Встречать вождя мирового пролетариата на пристани собралась порядочная толпа, и теперь Камоинш, открывая подготовленный заранее маленький спектакль, хлопнул в ладоши, и из зала ожидания вышли семь местных Лениных – все, как положено, с бородками. Выстроившись перед советским коллегой, они переминались с ноги на ногу и радушно ему улыбались; он в ответ разразился длинной тирадой на русском языке.
– Владимир Ильич спрашивает, как понимать это безобразие, – объяснил переводчик Камоиншу (толпа меж тем прибывала). – У них у всех темная кожа и вообще совершенно не тот вид. Этот высоковат, этот коротковат, этот толстоват, этот тонковат, этот хромоват, этот совсем лыс, а вон у того зубов нет.
– Мне было сообщено, – промямлил Камоинш упавшим голосом, – что допускается приспособить облик вождя к местным условиям.
Новый русскоязычный залп.
– Владимир Ильич считает, что это не приспособление, а пошлая карикатура, – сказал переводчик. – Оскорбительный выпад. Возмутительно! По меньшей мере у двоих перекосились бороды – на глазах у всей пролетарской массы! Будет доложено наверх. Не продолжать ни под каким видом!

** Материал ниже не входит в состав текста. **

(* Fix x0 in Q, so x0 is not in F.  By the condition at infinity there is a compact K'
   outside of which kappa (x, .) is uniformly small for x in a compact neighbourhood of x0;
   on the compact set K' /\ F, kappa (x, .) is uniformly close to kappa (x0, .) for x near
   x0.  Cutting kappa (x0, .) off outside K' /\ F therefore gives one f in C_c(X) with
   |kappa (x, y) - f y| <= eps for all y in F and all x near x0.  Every nu in M^+_F /\ M_b
   lives on F and has mass at most b, so |kappa (x, nu) - nu(f)| <= eps b; since nu |-> nu(f)
   is vaguely continuous, the potential moves by at most 2 eps b + |nu(f) - nu0(f)|. *)

Section integral_approximation.
Context d (T : measurableType d) (R : realType).
Variable nu : {measure set T -> \bar R}.
Local Open Scope ereal_scope.

Lemma integral_ae_close (b c M : R) (g : T -> \bar R) (f : T -> R) :
  nu setT <= b%:E -> (0 <= c)%R ->
  measurable_fun setT g -> measurable_fun setT f -> (forall y, `|f y| <= M)%R ->
  {ae nu, forall y, g y \is a fin_num /\ (`|fine (g y) - f y| <= c)%R} ->
  exists r s, \int[nu]_(y in setT) g y = r%:E /\
    \int[nu]_(y in setT) (f y)%:E = s%:E /\ (`|r - s| <= c * b)%R.
Proof.
move=> nub c0 mg mf fM gf.
have nuT : nu setT < +oo by exact: le_lt_trans nub (ltry _).
have M0 : (0 <= M)%R by exact: le_trans (fM point).
have mEf : measurable_fun setT (EFin \o f) by exact/measurable_EFinP.
have ig : nu.-integrable setT g.
  apply/integrableP; split => //.
  apply: le_lt_trans (integral_le_bound (M + c)%:E _ _ _ _) _ => //.
  - by rewrite lee_fin addr_ge0.
  - apply: filterS gf => y [gy gyf] _; rewrite -(fineK gy) abse_EFin lee_fin.
    by rewrite -(subrK (f y) (fine (g y))) (le_trans (ler_normD _ _)) // addrC lerD.
  - by rewrite lte_mul_pinfty // lee_fin addr_ge0.
have iF : nu.-integrable setT (EFin \o f).
  apply/integrableP; split => //.
  apply: le_lt_trans (integral_le_bound M%:E _ _ _ _) _ => //.
  - by apply: aeW => y _; rewrite lee_fin.
  - by rewrite lte_mul_pinfty.
have gfin := integrable_fin_num measurableT ig.
have ffin := integrable_fin_num measurableT iF.
exists (fine (\int[nu]_(y in setT) g y)); exists (fine (\int[nu]_(y in setT) (f y)%:E)).
rewrite !fineK //; split => //; split => //.
rewrite -lee_fin -abse_EFin EFinB !fineK // -integralB //.
have mgf : measurable_fun setT (g \- (EFin \o f)) by exact: emeasurable_funB.
apply: le_trans (le_abse_integral _ _ mgf) _ => //.
apply: le_trans (integral_le_bound c%:E _ mgf _ _) _ => //.
- apply: filterS gf => y [gy gyf] _ /=.
  by rewrite -(fineK gy) -EFinB abse_EFin lee_fin.
- by rewrite EFinM lee_wpmul2l // lee_fin.
Qed.

End integral_approximation.

Section cutoff.
Context {X : ptopologicalType} {R : realType}.
Local Notation opc := (one_point_compactification X).

Lemma compact_of_disjoint_nbhs_None (S : set X) (W : set opc) :
  closed S -> nbhs (None : opc) W -> (forall x, S x -> ~ W (Some x)) -> compact S.
Proof.
move=> clS [K [cK _] KW] SW; apply: (subclosed_compact clS cK) => x Sx.
by apply: contrapT => Kx; apply: (SW x Sx); apply: KW; left; exists x.
Qed.

Hypotheses (lcX : locally_compact [set: X]) (hX : hausdorff_space X).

У Камоинша вытянулось лицо; и тут, увидев, что он вот-вот расплачется, что все его планы рушатся, актеры – его кадры – взяли инициативу на себя; желая продемонстрировать, как хорошо у них отрепетированы роли, они встали в позы и начали декламировать. На малаялам, каннада, тулу, конкани, тамильском, телугу и английском они восславили революцию и потребовали немедленного изгнания кровососов-империалистов, свержения колониалистов и их наймитов, обобществления собственности, что должно было привести к перевыполнению планов по рису; пальцем протянутой правой руки каждый из них указывал в светлое будущее, мощно сжимая опущенную левую в кулак. Бороды из-за жары начали отклеиваться, по-вавилонски многоязычную речь уже слушала огромная толпа, в которой зародился, мало-помалу разросся и наконец неудержимо грянул издевательский хохот.
Владимир Ильич побагровел. Революционная брань изверглась у него изо рта и цепочкой кириллицы повисла в воздухе над его головой. Затем, повернувшись на сто восемьдесят градусов, он прошествовал назад по сходням и скрылся под палубой.
– Что он сказал? – спросил русского переводчика несчастный Камоинш.
– Страна ваша… – ответил тот. – Владимир Ильич со всей прямотой заявил, что он ее не переваривает.